I don’t like to make promises of reaching numbers because then everybody expects the same, but here is how I describe what you usually get out of the box without much tuning we easily get to below ten milliseconds worst case, with a little bit of tuning which is usually a day, you easily get to one to two milliseconds worst case. Beyond that it starts depending of what your application does and you know, how well you can figure out what codepaths might be causing problems or how well you can make sure you don’t have threads contending for the same CPUs at the same time, but we’ve seen people chop that down below milliseconds to hundreds of milliseconds and the best I’ve seen reported is actually by Martin Thompson who has blogged about a system running with a worst case of eighty microseconds running on Zing.

So we’ve seen this numbers but what I like to warn people is your experience may vary, your mileage may vary, and it takes work to get to below a milliseconds of consistent execution. Probably the most common thing I see is that the system itself, not the JVM, not your application, but the system itself also needs to reach that level of continuity, and I usually recommend for people to run a test, like an one hour idle test and run some sort of jitter meter on it, we have JHiccup which we open sourced; and just, measure your idle system and see that doesn't have a hiccup of a few milliseconds here and there because Linux fired up a cronjob and a lot of threads are running. Once you get the system quiet enough to that level we’ve been able to get people to the hundreds of microseconds consistency, and we are looking forward to doing a lot of that.


8. So last question, what should Zing not be used for, it sounds like is the holy grail in JVM’s ?
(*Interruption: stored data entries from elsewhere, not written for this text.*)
(* Let $q,r,\nu$ be positive integers with $r\ge q$ and $\nu\ge q$. There exists a matrix $C\in\mathbb{R}^{\nu r\times q}$ not depending on $z$ such that $\mathcal{M}^0(z)C=I_q$ for all $z$; consequently for every $b\in\mathbb{R}^q$ the equation $\mathcal{M}^0(z)X=b$ has the $z$-independent solution $X=Cb$. Such a constant matrix $C$ is unique iff $\nu=q$. In all cases one can take $C=(I_\nu\otimes D_r^{-1})\mathcal{B}^0D_q^{-1}$.
   Context: Matrix indices start at $0$. $u(z)=(1,\dots,z^{q-1})^\top$, $w(z)=(1,\dots,z^{r-1})$, $M(z)=u(z)w(z)$, and $\mathcal{M}^0(z)=(M(z),M'(z),\dots,M^{(\nu-1)}(z))\in\mathbb{C}^{q\times\nu r}$. $D_n=\mathrm{diag}(0!,\dots,(n-1)!)$. $B^k\in\mathbb{R}^{r\times q}$ has entries $B^k_{ij}=(-1)^i\binom{q}{k+1}$ if $i+j=k$ and $0$ otherwise, and $\mathcal{B}^0\in\mathbb{R}^{\nu r\times q}$ stacks $B^0,\dots,B^{\nu-1}$ vertically. *)

From HB Require Import structures.
From mathcomp Require Import all_boot all_order all_algebra.
From mathcomp Require Import reals.
From mathcomp Require Import complex mxtens.
Set Implicit Arguments. Unset Strict Implicit. Unset Printing Implicit Defensive.
Import Order.TTheory GRing.Theory Num.Theory.
Local Open Scope ring_scope.

(* Matrix indices start at 0.  R : realType plays the role of the reals,
   R[i] = complex R the complex numbers. *)

Section Defs.
Variable R : realType.
Local Notation C := (R[i]).

Definition upoly (q : nat) : 'cV[{poly C}]_q := \col_(i < q) 'X^i.
Definition wpoly (r : nat) : 'rV[{poly C}]_r := \row_(j < r) 'X^j.
Definition Mpoly (q r : nat) : 'M[{poly C}]_(q, r) := upoly q *m wpoly r.

Definition Mder (q r k : nat) (z : C) : 'M[C]_(q, r) :=
  map_mx (fun p : {poly C} => (p^`(k)).[z]) (Mpoly q r).

(* M^0(z) = (M(z), M'(z), ..., M^(nu-1)(z)) in C^{q x nu r}:
   column c = k*r + j (k < nu, j < r) is column j of M^(k)(z). *)
Definition Mcal0 (q r nu : nat) (z : C) : 'M[C]_(q, nu * r) :=
  \matrix_(i < q, c < nu * r)
     Mder q r (mxtens_unindex c).1 z i (mxtens_unindex c).2.

Definition Dn (n : nat) : 'M[R]_n := diag_mx (\row_(i < n) (i`!)%:R).

Definition Bk (q r k : nat) : 'M[R]_(r, q) :=
  \matrix_(i < r, j < q)
     (if (i + j == k)%N then (-1) ^+ i * ('C(q, k.+1))%:R else 0).

Definition Bcal0 (q r nu : nat) : 'M[R]_(nu * r, q) :=
  \matrix_(c < nu * r, j < q) Bk q r (mxtens_unindex c).1 (mxtens_unindex c).2 j.

Definition Cexpl (q r nu : nat) : 'M[R]_(nu * r, q) :=
  ((1%:M : 'M[R]_nu) *t invmx (Dn r)) *m Bcal0 q r nu *m invmx (Dn q).

Definition toC (m n : nat) (A : 'M[R]_(m, n)) : 'M[C]_(m, n) :=
  map_mx (real_complex R) A.

Definition const_rinv (q r nu : nat) (X : 'M[R]_(nu * r, q)) : Prop :=
  forall z : C, Mcal0 q r nu z *m toC X = 1%:M.
End Defs.
Arguments Mcal0 {R} q r nu z.
Arguments Cexpl {R} q r nu.
Arguments toC {R m n} A.
Arguments const_rinv {R q r nu} X.
Arguments Dn {R} n.
Arguments Bcal0 {R} q r nu.
Arguments Bk {R} q r k.

From HB Require Import structures.
From mathcomp Require Import all_boot all_order all_algebra.
From mathcomp Require Import reals.
From mathcomp Require Import complex mxtens.
From mathcomp Require Import zify ring.
Import GRing.Theory Num.Theory.
Local Open Scope ring_scope.

(* Entry (i, (k, j)) of M^0(z) is the k-th derivative of z^(i+j), namely
   (i+j)^_k z^(i+j-k).  In M^0(z) C only the entries with k = j + l meet a
   nonzero entry of C, and (i+j)^_(j+l) = C(i+j, j) C(i, l) j! l!, so the
   entry (i, l) of the product is z^(i-l) C(i, l) times
   sum_j (-1)^j C(i+j, j) C(q, j+l+1); this alternating sum is the coefficient
   of x^(q-l-1) in (1+x)^-(i+1) (1+x)^q, hence equals [i = l].
   For nu > q, the column (k, j) = (q, 0) of M^0(z) holds the q-th
   derivatives of 1, ..., z^(q-1), so it vanishes and C can be perturbed in
   the corresponding row.  For nu = q, a column of the difference
   of two right inverses yields polynomials f_k with
   sum_k (X^i f_k)^(k) = 0 for all i < q; using (X g)^(n) = X g^(n) + n g^(n-1)
   one eliminates the powers of X and shows f_(q-1) = ... = f_0 = 0. *)

Section AlternatingBinomialSums.
Variable T : pzRingType.

Definition alt_bin_conv (a n Q : nat) : T :=
  \sum_(m < n.+1) (-1) ^+ m * 'C(a + m, m)%:R * 'C(Q, n - m)%:R.

Lemma alt_bin_conv0n a Q : alt_bin_conv a 0 Q = 1.
Proof. by rewrite /alt_bin_conv big_ord1 addn0 !bin0 expr0 !mul1r. Qed.

Lemma alt_bin_conv0S n Q :
  alt_bin_conv 0 n.+1 Q = 'C(Q, n.+1)%:R - alt_bin_conv 0 n Q.
Proof.
rewrite /alt_bin_conv big_ord_recl /= binn expr0 !mul1r subn0; congr (_ + _).
rewrite -sumrN; apply: eq_bigr => m _ /=.
by rewrite !add0n !binn subSS exprS !mulN1r !mulr1 mulNr.
Qed.

Lemma alt_bin_convSS a n Q :
  alt_bin_conv a.+1 n.+1 Q = alt_bin_conv a n.+1 Q - alt_bin_conv a.+1 n Q.
Proof.
rewrite /alt_bin_conv big_ord_recl [X in _ = X - _]big_ord_recl /=.
rewrite !addn0 !bin0 subn0 -addrA; congr (_ + _).
rewrite -sumrN -big_split; apply: eq_bigr => m _ /=.
rewrite subSS /bump /= !add1n addnS binS natrD !exprS !mulN1r addSn -addnS.
by rewrite mulrDr mulrDl !mulNr.
Qed.

(* Coefficient of x^n in (1 + x)^-(a+1) * (1 + x)^(a+1+s) = (1 + x)^s. *)
Lemma alt_bin_convE a s n : alt_bin_conv a n (a + 1 + s) = 'C(s, n)%:R.
Proof.
elim: a s n => [|a IHa] s n.
  elim: n => [|n IHn]; first by rewrite alt_bin_conv0n bin0.
  by rewrite alt_bin_conv0S IHn add0n add1n binS natrD addrK.
elim: n => [|n IHn]; first by rewrite alt_bin_conv0n bin0.
rewrite alt_bin_convSS IHn (_ : (a.+1 + 1 + s = a + 1 + s.+1)%N); last by lia.
by rewrite IHa binS natrD addrK.
Qed.

Lemma sum_alt_bin_delta q i l N : (l <= i < q)%N -> (q - l <= N)%N ->
  \sum_(j < N) (-1) ^+ j * 'C(i + j, j)%:R * 'C(q, j + l + 1)%:R
  = (i == l)%:R :> T.
Proof.
move=> /andP[li iq] leN.
pose F j : T := (-1) ^+ j * 'C(i + j, j)%:R * 'C(q, j + l + 1)%:R.
have trunc : \sum_(j < N) F j = \sum_(j < q - l) F j.
  rewrite [RHS](big_ord_widen N F leN) [RHS]big_mkcond /=.
  apply: eq_bigr => j _.
  case: ltnP => // le_ql_j; rewrite /F (@bin_small q) ?mulr0 //; lia.
rewrite trunc (_ : (q - l = (q - l - 1).+1)%N); last by lia.
transitivity (alt_bin_conv i (q - l - 1) q).
  apply: eq_bigr => m _; have lt_m := ltn_ord m.
  rewrite /F -(@bin_sub q (m + l + 1)); last by lia.
  by congr (_ * 'C(q, _)%:R); lia.
rewrite -{2}(_ : (i + 1 + (q - i - 1) = q)%N); last by lia.
rewrite alt_bin_convE; case: eqP => [->|/eqP ne_il]; first by rewrite binn.
by rewrite bin_small //; lia.
Qed.

End AlternatingBinomialSums.

Lemma ffact_addn_bin i j l : (l <= i)%N ->
  (i + j) ^_ (j + l) = ('C(i + j, j) * 'C(i, l) * j`! * l`!)%N.
Proof.
move=> li; apply/eqP; rewrite -(eqn_pmul2r (fact_gt0 (i - l))); apply/eqP.
rewrite (_ : (i - l = i + j - (j + l))%N) ?ffact_fact; try lia.
rewrite -(bin_fact (leq_addl i j)) (_ : (i + j - j = i)%N); last by lia.
rewrite -(bin_fact li) (_ : (i + j - (j + l) = i - l)%N); last by lia.
ring.
Qed.

Lemma sum_mxtens (T : nmodType) m n (F : 'I_(m * n) -> T) :
  \sum_(c < m * n) F c = \sum_(k < m) \sum_(j < n) F (mxtens_index (k, j)).
Proof.
rewrite pair_big (reindex (@mxtens_index m n)) /=; last first.
  by exists (@mxtens_unindex m n) => c _; [exact: mxtens_indexK|exact: mxtens_unindexK].
by apply: eq_bigr => -[].
Qed.

Section ExplicitRightInverse.
Variable R : realType.

Lemma Mcal0E q r nu (z : R[i]) i k j :
  Mcal0 q r nu z i (mxtens_index (k, j)) = z ^+ (i + j - k) *+ (i + j) ^_ k.
Proof.
rewrite /Mcal0 mxE mxtens_indexK /Mder mxE /Mpoly mxE big_ord1 !mxE.
by rewrite -exprD derivnXn hornerMn hornerXn.
Qed.

Lemma invmx_Dn n : invmx (Dn n : 'M[R]_n) = diag_mx (\row_(i < n) (i`!)%:R^-1).
Proof.
have Dn_inv : (Dn n : 'M[R]_n) *m diag_mx (\row_(i < n) (i`!)%:R^-1) = 1%:M.
  rewrite /Dn mulmx_diag; apply/matrixP => i j; rewrite !mxE.
  by rewrite mulfV // pnatr_eq0 -lt0n fact_gt0.
have [Dn_unit _] := mulmx1_unit Dn_inv.
by rewrite -[RHS]mul1mx -(mulVmx Dn_unit) -mulmxA Dn_inv mulmx1.
Qed.

Lemma CexplE q r nu k j l :
  Cexpl q r nu (mxtens_index (k, j)) l =
  if (j + l == k)%N then (-1) ^+ j * 'C(q, k.+1)%:R / (j`! * l`!)%:R else 0 :> R.
Proof.
rewrite /Cexpl !invmx_Dn mul_mx_diag mxE [(\row__ _) 0 l]mxE.
rewrite mxE sum_mxtens (bigD1 k) //= [X in _ + X]big1 ?addr0; last first.
  move=> k' /negPf nk; apply: big1 => j' _.
  by rewrite tensmxE mxE eq_sym nk !mul0r.
rewrite (bigD1 j) //= [X in _ + X]big1 ?addr0; last first.
  move=> j' /negPf nj.
  by rewrite tensmxE [diag_mx _ _ _]mxE eq_sym nj mulr0n mulr0 mul0r.
rewrite tensmxE !mxE !eqxx mxtens_indexK mul1r mulr1n natrM invfM.
rewrite /=; case: eqP => _; last by rewrite mulr0 mul0r.
ring.
Qed.

Lemma Mcal0_Cexpl q r nu (z : R[i]) i l : (q <= nu)%N ->
  (Mcal0 q r nu z *m toC (Cexpl q r nu)) i l =
  \sum_(j < r) z ^+ (i - l) *+ (i + j) ^_ (j + l) *
    real_complex R ((-1) ^+ j * 'C(q, j + l + 1)%:R / (j`! * l`!)%:R).
Proof.
move=> le_q_nu; rewrite mxE sum_mxtens exchange_big /=; apply: eq_bigr => j _.
under eq_bigr => k _ do rewrite [toC _ _ _]mxE CexplE Mcal0E.
have [lt_jl_nu | le_nu_jl] := ltnP (j + l) nu.
  rewrite (bigD1 (Ordinal lt_jl_nu)) //= big1 ?eqxx ?addr0 => [|k].
    by rewrite addn1 (_ : (i + j - (j + l) = i - l)%N) //; lia.
  by rewrite -val_eqE /= eq_sym => /negPf->; rewrite rmorph0 mulr0.
rewrite big1 => [|k _]; last first.
  rewrite ifF ?rmorph0 ?mulr0 //; apply/negbTE.
  by rewrite neq_ltn (leq_trans _ le_nu_jl) ?orbT.
by rewrite (@bin_small q) ?mulr0 ?mul0r ?rmorph0 ?mulr0 //; lia.
Qed.

Lemma Cexpl_rinv {q r nu} :
  (q <= r)%N -> (q <= nu)%N -> const_rinv (Cexpl (R:=R) q r nu).
Proof.
move=> le_q_r le_q_nu z; apply/matrixP => i l; rewrite Mcal0_Cexpl // mxE.
have [lt_il | le_li] := ltnP i l.
  rewrite big1 => [|j _]; last by rewrite ffact_small ?mul0r //; lia.
  by rewrite (_ : (i == l) = false) //; apply/negbTE; rewrite neq_ltn lt_il.
transitivity (z ^+ (i - l) * real_complex R ('C(i, l)%:R *
    \sum_(j < r) (-1) ^+ j * 'C(i + j, j)%:R * 'C(q, j + l + 1)%:R)).
  rewrite mulr_sumr rmorph_sum mulr_sumr; apply: eq_bigr => j _.
  rewrite ffact_addn_bin // -mulr_natr -mulrA -(rmorph_nat (real_complex R)).
  rewrite -rmorphM; congr (_ * real_complex R _); rewrite !natrM.
  have fact_neq0 n : (n`!%:R : R) != 0 by rewrite pnatr_eq0 -lt0n fact_gt0.
  by field; rewrite !fact_neq0.
rewrite sum_alt_bin_delta ?(ltn_ord i) ?le_li //; last by lia.
have [/val_inj-> | /negbTE ne_il] := eqVneq (val i) (val l).
  by rewrite !eqxx subnn binn expr0 !mulr1 rmorph1.
by rewrite -val_eqE ne_il mulr0 rmorph0 mulr0.
Qed.

End ExplicitRightInverse.

Lemma poly_eq0_horner (T : numDomainType) (p : {poly T}) :
  (forall z, p.[z] = 0) -> p = 0.
Proof.
move=> p_root; apply/eqP; apply: contraT => nz_p.
pose s := [seq (n%:R : T) | n <- iota 0 (size p)].
have s_roots : all (root p) s by apply/allP => x /mapP[n _ ->]; exact/rootP.
have s_uniq : uniq s.
  by rewrite map_inj_uniq ?iota_uniq // => m n /eqP; rewrite eqr_nat => /eqP.
by have := max_poly_roots nz_p s_roots s_uniq; rewrite size_map size_iota ltnn.
Qed.

Lemma derivn_mulX (T : nzRingType) (g : {poly T}) n :
  ('X * g)^`(n) = 'X * g^`(n) + g^`(n.-1) *+ n.
Proof.
elim: n => [|n IHn]; first by rewrite !derivn0 mulr0n addr0.
rewrite derivnS IHn derivD derivM derivX mul1r derivMn -derivnS.
case: n IHn => [|n] _; first by rewrite !mulr0n addr0 mulr1n addrC.
by rewrite -derivnS /= (mulrS _ n.+1) addrCA addrA.
Qed.

(* Q i m is the m-th step of eliminating the factor X^i: Q i 0 is the i-th
   hypothesis and Q 0 m = m! f m once f (m+1), ..., f (q-1) are known to vanish. *)
Lemma derivn_mulXn_sum_eq0 (T : numDomainType) q (f : 'I_q -> {poly T}) :
  (forall i, (i < q)%N -> \sum_(k < q) ('X^i * f k)^`(k) = 0) ->
  forall k, f k = 0.
Proof.
move=> hyp.
pose Q i m := \sum_(k < q) ('X^i * f k)^`(k - m) *+ k ^_ m.
have Q_rec i m : Q i m.+1 = Q i.+1 m - 'X * Q i m.
  rewrite /Q mulr_sumr -sumrB; apply: eq_bigr => k _.
  rewrite exprS -mulrA derivn_mulX mulrnDl mulrnAr addrAC subrr add0r.
  by rewrite -mulrnA subnS ffactnSr mulnC.
have Q_eq0 m i : (i + m < q)%N -> Q i m = 0.
  elim: m i => [|m IHm] i lt_imq.
    rewrite /Q -[RHS](hyp i); last by rewrite addn0 in lt_imq.
    by apply: eq_bigr => k _; rewrite subn0.
  by rewrite Q_rec !IHm ?mulr0 ?subrr //; lia.
suff f_eq0 t (k : 'I_q) : (q - t <= k)%N -> f k = 0.
  by move=> k; apply: (f_eq0 q); rewrite subnn.
elim: t k => [|t IHt] k le_k; first by move: (ltn_ord k); lia.
have [|lt_k] := leqP (q - t) k; first exact: IHt.
have Q0k : Q 0%N k = f k *+ k`!.
  rewrite /Q (bigD1 k) //= big1 => [|k' ne_k'].
    by rewrite mul1r subnn ffactnn addr0.
  have [lt_k'k | le_kk'] := ltnP k' k; first by rewrite ffact_small ?mulr0n.
  rewrite IHt ?mulr0 ?derivn0 ?raddf0 ?mul0rn //.
  by move: ne_k' le_kk'; rewrite -val_eqE /=; lia.
apply/eqP; have := Q_eq0 k 0%N (ltn_ord k); rewrite Q0k => /eqP.
by rewrite -mulr_natr -polyC_natr mulf_eq0 polyC_eq0 pnatr_eq0 eqn0Ngt fact_gt0 orbF.
Qed.

Section Uniqueness.
Variable R : realType.

Lemma Mcal0_mulmxE {q r nu n} (z : R[i]) (A : 'M[R[i]]_(nu * r, n)) i l :
  (Mcal0 q r nu z *m A) i l =
  (\sum_(k < nu) ('X^i * \sum_(j < r) A (mxtens_index (k, j)) l *: 'X^j)^`(k)).[z].
Proof.
rewrite mxE sum_mxtens horner_sum; apply: eq_bigr => k _.
rewrite mulr_sumr raddf_sum horner_sum; apply: eq_bigr => j _.
rewrite Mcal0E -scalerAr /= derivnZ hornerZ -exprD derivnXn hornerMn hornerXn.
by rewrite mulrC.
Qed.

Lemma Mcal0_square_kernel q r n (A : 'M[R[i]]_(q * r, n)) :
  (forall z, Mcal0 q r q z *m A = 0) -> A = 0.
Proof.
move=> kerA; apply/matrixP => c l; rewrite mxE; case: (mxtens_indexP c) => k j.
pose f k := \sum_(j < r) A (mxtens_index (k, j)) l *: 'X^j.
have f_eq0 : forall k, f k = 0.
  apply: derivn_mulXn_sum_eq0 => i lt_iq; apply: poly_eq0_horner => z.
  by rewrite -(Mcal0_mulmxE z A (Ordinal lt_iq)) kerA mxE.
have := congr1 (fun p : {poly R[i]} => p`_j) (f_eq0 k).
rewrite coef0 coef_sum (bigD1 j) //= big1 => [|j' ne_j'j].
  by rewrite coefZ coefXn eqxx mulr1 addr0.
by rewrite coefZ coefXn val_eqE eq_sym (negPf ne_j'j) mulr0.
Qed.

Lemma const_rinv_unique q r (X Y : 'M[R]_(q * r, q)) :
  const_rinv X -> const_rinv Y -> X = Y.
Proof.
move=> rinvX rinvY; apply: (@map_mx_inj _ _ (real_complex R)); apply/eqP.
rewrite -subr_eq0 -map_mxB; apply/eqP/Mcal0_square_kernel => z.
by rewrite map_mxB mulmxBr rinvX rinvY subrr.
Qed.

Lemma col_Mcal0_eq0 q r nu (lt_q_nu : (q < nu)%N) (r_gt0 : (0 < r)%N) (z : R[i]) :
  col (mxtens_index (Ordinal lt_q_nu, Ordinal r_gt0)) (Mcal0 q r nu z) = 0.
Proof.
apply/matrixP => i j; rewrite mxE [RHS]mxE Mcal0E ffact_small ?mulr0n //=.
by rewrite addn0 ltn_ord.
Qed.

Lemma const_rinv_not_unique {q r nu} {X : 'M[R]_(nu * r, q)} :
  (q < nu)%N -> (0 < r)%N -> (0 < q)%N -> const_rinv X ->
  exists2 Y, const_rinv Y & Y != X.
Proof.
move=> lt_q_nu r_gt0 q_gt0 rinvX.
pose c := mxtens_index (Ordinal lt_q_nu, Ordinal r_gt0).
pose E : 'M[R]_(nu * r, q) := delta_mx c (Ordinal q_gt0).
exists (X + E).
  move=> z; rewrite /toC map_mxD mulmxDr rinvX map_delta_mx.
  by rewrite -(mul_delta_mx (0 : 'I_1)) mulmxA -colE col_Mcal0_eq0 mul0mx addr0.
rewrite -subr_eq0 addrC addKr; apply/eqP => /matrixP/(_ c (Ordinal q_gt0)).
by rewrite !mxE !eqxx => /eqP; rewrite oner_eq0.
Qed.

End Uniqueness.

Theorem proposition7p1 (R : realType) (q r nu : nat) :
  (0 < q)%N -> (0 < r)%N -> (0 < nu)%N -> (q <= r)%N -> (q <= nu)%N ->
  [/\ (exists X : 'M[R]_(nu * r, q),
         const_rinv X /\
         (forall (b : 'cV[R]_q) (z : R[i]),
             Mcal0 q r nu z *m toC (X *m b) = toC b)),
      ((forall X Y : 'M[R]_(nu * r, q), const_rinv X -> const_rinv Y -> X = Y)
         <-> nu = q)
    & const_rinv (Cexpl (R:=R) q r nu)].
Proof.
move=> q_gt0 r_gt0 _ le_q_r le_q_nu.
have rinvC := Cexpl_rinv R le_q_r le_q_nu.
split=> //.
- exists (Cexpl q r nu); split=> // b z.
  by rewrite /toC map_mxM mulmxA rinvC mul1mx.
split=> [unique | ->]; last exact: const_rinv_unique.
apply/eqP; rewrite eqn_leq le_q_nu andbT leqNgt; apply/negP => lt_q_nu.
have [Y rinvY] := const_rinv_not_unique R lt_q_nu r_gt0 q_gt0 rinvC.
by rewrite (unique _ _ rinvY rinvC) eqxx.
Qed.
What should Zing not be used for? We would like people to use it for everything, it’s a good JVM we think it can be used for everything on a server, we are not a client-side JVM, but we are very focused on servers. The other part that I have to point to is we are in making applications do high throughput while maintaining good responsiveness, whether it’s human response time with big portals or financial services, if you have a Garbage Collection pause issue, we have a solution for that, but there are places where you don’t have a Garbage Collection pause issue, maybe the responsiveness is good enough for what your customer needs, or maybe you are running an overnight patch application and you just don’t care, and we are not going to make an overnight batch application finish any quicker, we're just going to make it run without a twenty minute pause in the middle, maybe a twenty minute pause is the right way to do it, so if you care about response time of individual transactions and Garbage Collection is in your way, Zing should be a great fit, if you don’t have response time issue or need, then you know, any JVM should able to do the job.

Sep 06, 2012